Pero veamos lo que ha ocurrido con nuestro Partido y sólo en los últimos tiempos. Somos responsables de errores éticos que han incidido de manera importante en la derrota y que, a la hora de la autocrítica, no pueden ser obviados. El país se enteró en su momento con estupor y nosotros con profundo dolor, que el PS había devenido en una Sociedad de Inversiones. Es decir, había dejado de ser un Partido para transformarse en una suerte de holding con inversiones (bonos) en diversas sociedades incluyendo algunas, como SQM y Pampa Calichera, de sulfurosos antecedentes controlados nada menos que por el ex yerno del dictador. Nos preguntamos ¿Qué explicación política, no contable o financiera, podemos entregar los socialistas a los chilenos para justificar tal decisión? Es claro, los chilenos que se sienten afectados y con razón por los abusos del retail, condenados de la noche a la mañana a vivir casi o en la pobreza luego de jubilar, sufriendo de la ineficiencia de las sanitarias, pagando elevados costos de peaje en las autopistas concesionadas, viviendo en un Chile plutocrático y en una sociedad de mercado, etc. Esos chilenos tendrán que concluir que el PS transformado en una Sociedad de Inversiones con importantes recursos invertidos en esos sectores ya no les sirve como instrumento político y de justicia social.
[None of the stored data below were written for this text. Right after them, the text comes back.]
Lemma dirset_image_seq (X : set 'rV[R]_n) a : dirset (h @` (X `&` U)) a ->
  exists u d, [/\ forall i, X (u i) /\ u i != 0, u @ \oo --> (0 : 'rV[R]_n),
    dir \o (h \o u) @ \oo --> a, enorm d = 1 & dir \o u @ \oo --> d].
Proof.
move=> [a1 [w [Xw [w0 wa]]]].
have /choice[u uP] : forall i, exists x, (X `&` U) x /\ h x = w i.
  by move=> i; have [[x Xx <-] _] := Xw i; exists x.
have hu : h \o u = w by apply: funext => i; case: (uP i).
have u_neq0 i : u i != 0.
  by apply: contra_neq (Xw i).2 => ui0; rewrite -hu /= ui0 h0.
have u0 : u @ \oo --> (0 : 'rV[R]_n).
  by apply: cvg0_of_image_cvg0 => [i|]; [case: (uP i) => -[] | rewrite hu].
have [d d1 [phi phi_oo ud]] :=
  compact_cvg_subseq (@compact_sphere R n) (fun i => enorm_dir (u_neq0 i)).
exists (u \o phi), d; split => //.
- by move=> i; have [[Xu _] _] := uP (phi i); split; last exact: u_neq0.
- exact: cvg_comp phi_oo u0.
- by rewrite -hu in wa; exact: cvg_comp phi_oo wa.
Qed.

Lemma dirset_image_sub_LD (A : set 'rV[R]_n) :
  dirset (h @` (A `&` U)) `<=` dirset (h @` (LD A `&` U)).
Proof.
move=> a /[dup] [[a1 _]] /dirset_image_seq[u [d [Au u0 hua d1 ud]]].
have dA : dirset A d by split => //; exists u.
apply: (dirset_image_asym_equiv a1 _ u0 hua (asym_equiv_scale_dir ud)) => i.
  by case: (Au i).
by exists (enorm (u i)), d; rewrite enorm_ge0.
Qed.
(* In the Gaussian sequential learning model with binary states and heterogeneous privacy budgets described in the context, where the budgets $\varepsilon_n$ are drawn independently from the uniform distribution $\mathrm{U}[0,1]$, asymptotic learning occurs almost surely under the smooth randomized response strategy.
   Context: Gaussian model: unknown state $\theta\in\{-1,+1\}$ with uniform prior; agents $n=1,2,\dots$ act in sequence; agent $n$ privately observes $s_n\sim\mathcal{N}(\theta,\sigma^2)$, i.i.d. given $\theta$, $\sigma>0$, and has a private budget $\varepsilon_n\sim\mathrm{U}[0,1]$, independent across agents and of everything else. The public log-likelihood ratio is $l_n=\log\frac{\mathbb{P}(\theta=+1\mid x_1,\dots,x_{n-1})}{\mathbb{P}(\theta=-1\mid x_1,\dots,x_{n-1})}$, $l_1=0$, where $x_i$ are reported actions. With $t(l)=-\sigma^2l/2$, agent $n$'s intended action is $a_n=+1$ if $s_n>t(l_n)$, else $-1$; under smooth randomized response she reports $x_n=a_n$ with probability $1-u_n$ and $x_n=-a_n$ with probability $u_n=\frac12e^{-\varepsilon_n|s_n-t(l_n)|}$. The public, not observing $\varepsilon_n$, updates $l_{n+1}=l_n+\log\frac{\mathbb{P}(x_n\mid l_n,\theta=+1)}{\mathbb{P}(x_n\mid l_n,\theta=-1)}$, where these probabilities average over both $s_n$ and $\varepsilon_n$. Asymptotic learning means agents' actions converge to the true state, i.e., $\lim_{n\to\infty}\mathbb{P}(a_n=\theta)=1$. *)

From HB Require Import structures.
From mathcomp Require Import all_boot all_order all_algebra.
From mathcomp Require Import all_classical all_reals all_analysis.
Set Implicit Arguments. Unset Strict Implicit. Unset Printing Implicit Defensive.
Import Order.TTheory GRing.Theory Num.Theory.
Import numFieldNormedType.Exports.
Local Open Scope classical_set_scope.
Local Open Scope ring_scope.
Es más, ahora encontrarán las razones por las que tales abusos e injusticias no han sido corregidos por nuestros gobiernos. Responsabilizarán al PS con sus ministros y parlamentarios – que además han sido financiados por esas mismas empresas -, de todas la injusticias que entraña el modelo económico neoliberal heredado de la dictadura. Peor aún, la escaza credibilidad que aún queda y que es producto de nuestra historia, con lo ocurrido se ha venido definitivamente abajo con toda seguridad para siempre. Todo lo que habíamos prometido: separación total del dinero de la política, cambio del modelo de desarrollo, lucha contra la desigualdad, esencia de la idea socialista, pensiones justas, etc., pasarán a ser solo mentiras demagógicas. El Partido de Allende, Almeyda, Ponce, Lorca y tantos otros camaradas que cayeron luchando por la justicia social, la democracia y la libertad, no se merece esto.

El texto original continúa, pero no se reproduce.